The governing Council of the American Association of University Professors voted unanimously today to pass a joint resolution condemning the University of North Carolina Board of Governors and System Office for multiple violations of widely accepted standards of shared governance and academic freedom and for a sustained climate of institutional racism.
The vote comes less than two months after the AAUP’s publication of a special committee report calling attention to the alarming trends in the UNC system perpetuated by increased political pressure and interference within the system.
“This resolution represents a remarkable step forward in acknowledging and beginning to address systemic and institutional racism in the academy.” said AAUP president Irene Mulvey. “The Special Committee’s documentation of instances of broken governance, severe violations of academic freedom and patterns of institutional racism caused by long-standing political interference and cowardly top-down administrations speaks volumes about the severity of the underlying problems within UNC.”
The AAUP’s Council also voted to add Linfield University to the Association’s list of censured administrations over the dismissal of Daniel Pollack-Pelzner, a tenured English professor who spoke up about multiple allegations of sexual misconduct by members of the university’s board of trustees.

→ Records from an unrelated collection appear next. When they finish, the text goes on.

Lemma CT_switch k : CT e k -> CT e' k.
Proof.
case=> [[_ [e_conn e_acyc]] e_chem e_segs]; have e'_acyc := switch_acyclic e_acyc.
split; last first.
- apply: num_segments_deg e_segs => //; first exact: switch_simple.
  by move=> v; rewrite deg_switch.
- by move=> v; rewrite deg_switch.
split; first exact: switch_simple.
by split; [exact: switch_connected | exact: e'_acyc].
Qed.

End Switch.

Theorem lemma5 (n k : nat) (e : rel 'I_n) :
  3 <= k <= n - 1 ->
  CT e k ->
  (forall e' : rel 'I_n, CT e' k -> M2 e' <= M2 e) ->
  (exists u v : 'I_n, [/\ e u v, deg e u = 1 & deg e v = 4]) ->
  ~ (exists u v : 'I_n, [/\ e u v, deg e u = 3 & deg e v = 2]).
Proof.
move=> _ CTe e_max [p [w [epw deg_p deg_w]]] [x [y [exy deg_x deg_y]]].
have [[[e_sym e_irr] [_ e_acyc]] _ _] := CTe.
have ewp : e w p by rewrite e_sym.
have switch_gain c d : e c d -> deg e c = 3 /\ deg e d = 2 \/ deg e c = 2 /\ deg e d = 3 ->
    ~~ connect (del_edge e c d) d w -> False.
  move=> ecd deg_cd sep; have w_c : w != c.
    by apply/eqP => wc; case: deg_cd; rewrite -wc deg_w => -[].
  have := e_max _ (CT_switch e_sym e_irr ewp ecd deg_p w_c sep CTe).
  have := M2_switch e_sym e_irr ewp ecd deg_p w_c sep.
  by rewrite deg_w deg_p; case: deg_cd => [[-> ->] | [-> ->]]; lia.
have [con | sep] := boolP (connect (del_edge e x y) y w); last first.
  by apply: (switch_gain x y) => //; left.
apply: (switch_gain y x); [by rewrite e_sym | by right | apply/negP => con'].
have del_yx : del_edge e y x =2 del_edge e x y by move=> u v; rewrite /del_edge linkC.
rewrite (eq_connect del_yx) in con'.
have /negP [] := acyclic_bridge (conj e_sym e_irr) e_acyc exy.
by apply: connect_trans con' _; rewrite sym_connect_sym //; apply: del_edge_sym.
Qed.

The Council vote follows a recommendation from the AAUP’s Committee A on Academic Freedom and Tenure which published a report in April that found that the administration retaliated against Pollack-Pelzner for speech and conduct he exercised as part of his responsibilities as a faculty trustee and that the institution violated its own regulations as well as the AAUP’s widely adopted principles on academic freedom and tenure by not demonstrating adequate cause for the dismissal.
In more positive news, the AAUP’s Council voted to accept the recommendation of Committee A and remove St. Edward’s University from the Association’s list of censured administrations. St. Edward’s University was added to the list in 2019 as the result of the termination of a tenure-track and two tenured faculty members who were not afforded a dismissal procedure that comported with AAUP-supported standards. In July 2021 the institution’s newly installed president wrote that she had made removal of censure a priority that she hoped to achieve through shared governance. The administration began working with the faculty senate to address institutional policies implicated in the actions that led to censure. In May 2022, the governing board adopted several sets of revisions to the faculty manual that, among other issues, established tenure protections where they had previously existed only nominally. Last month the two tenured faculty members reported having reached an out-of-court settlement with the university. The case of the tenure-track faculty member is scheduled for jury trial in August. In late May, an AAUP representative made a virtual visit to campus on behalf of the AAUP’s national office, to confirm that current conditions for academic freedom and tenure at St. Edward’s are sound. Her report states that the university had taken “all the actions that the AAUP suggested” and that the faculty leaders with whom she spoke attested to “an improved climate for academic freedom and tenure.”